[MATERIAL SHOWN — start]
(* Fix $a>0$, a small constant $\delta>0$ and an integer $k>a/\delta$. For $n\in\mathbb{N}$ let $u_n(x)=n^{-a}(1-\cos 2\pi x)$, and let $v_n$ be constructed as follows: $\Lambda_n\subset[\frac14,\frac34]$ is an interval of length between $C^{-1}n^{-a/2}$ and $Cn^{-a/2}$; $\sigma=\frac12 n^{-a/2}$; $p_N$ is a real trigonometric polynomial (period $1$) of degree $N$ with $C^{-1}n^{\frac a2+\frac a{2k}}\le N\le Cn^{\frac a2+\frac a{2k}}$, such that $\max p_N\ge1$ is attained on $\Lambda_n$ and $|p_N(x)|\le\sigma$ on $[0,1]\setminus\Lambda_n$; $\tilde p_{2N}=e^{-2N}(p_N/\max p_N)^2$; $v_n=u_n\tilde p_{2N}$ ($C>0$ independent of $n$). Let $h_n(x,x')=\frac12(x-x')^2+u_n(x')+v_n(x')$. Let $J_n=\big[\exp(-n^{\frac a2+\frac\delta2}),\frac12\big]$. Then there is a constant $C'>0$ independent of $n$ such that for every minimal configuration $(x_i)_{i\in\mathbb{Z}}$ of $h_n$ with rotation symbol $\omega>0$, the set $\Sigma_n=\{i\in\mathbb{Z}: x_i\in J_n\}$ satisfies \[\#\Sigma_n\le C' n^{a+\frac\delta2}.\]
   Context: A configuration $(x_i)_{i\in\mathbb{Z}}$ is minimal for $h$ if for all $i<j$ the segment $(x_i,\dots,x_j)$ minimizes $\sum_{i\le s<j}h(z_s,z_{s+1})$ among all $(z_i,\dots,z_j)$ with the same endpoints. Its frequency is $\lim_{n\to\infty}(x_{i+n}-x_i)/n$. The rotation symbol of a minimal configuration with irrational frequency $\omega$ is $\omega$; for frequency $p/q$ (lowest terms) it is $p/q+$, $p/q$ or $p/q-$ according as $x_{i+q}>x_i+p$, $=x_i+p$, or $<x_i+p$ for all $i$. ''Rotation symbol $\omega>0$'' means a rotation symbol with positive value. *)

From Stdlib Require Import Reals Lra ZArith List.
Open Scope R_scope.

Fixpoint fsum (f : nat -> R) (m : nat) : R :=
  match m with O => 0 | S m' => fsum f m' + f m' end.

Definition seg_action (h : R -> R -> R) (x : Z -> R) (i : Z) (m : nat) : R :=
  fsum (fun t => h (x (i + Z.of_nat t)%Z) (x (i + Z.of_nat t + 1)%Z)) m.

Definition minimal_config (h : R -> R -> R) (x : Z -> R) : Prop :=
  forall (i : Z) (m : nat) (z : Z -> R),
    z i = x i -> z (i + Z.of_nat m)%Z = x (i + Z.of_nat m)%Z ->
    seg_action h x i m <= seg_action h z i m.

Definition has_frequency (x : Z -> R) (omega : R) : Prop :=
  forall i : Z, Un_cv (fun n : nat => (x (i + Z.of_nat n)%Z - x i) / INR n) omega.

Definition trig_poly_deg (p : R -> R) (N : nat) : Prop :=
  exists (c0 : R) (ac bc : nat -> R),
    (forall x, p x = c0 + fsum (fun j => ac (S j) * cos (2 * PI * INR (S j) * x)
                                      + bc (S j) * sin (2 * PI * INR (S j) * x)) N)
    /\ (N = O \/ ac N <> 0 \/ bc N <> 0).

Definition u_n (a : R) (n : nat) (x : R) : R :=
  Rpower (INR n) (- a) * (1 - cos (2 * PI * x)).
[MATERIAL SHOWN — finish]
**TASK TO COMPLETE:** The response is the exact set of lines from the one holding "Definition u_n (a" through the last line of the material.

**ANSWER TO THIS EXERCISE:**
Definition u_n (a : R) (n : nat) (x : R) : R :=
  Rpower (INR n) (- a) * (1 - cos (2 * PI * x)).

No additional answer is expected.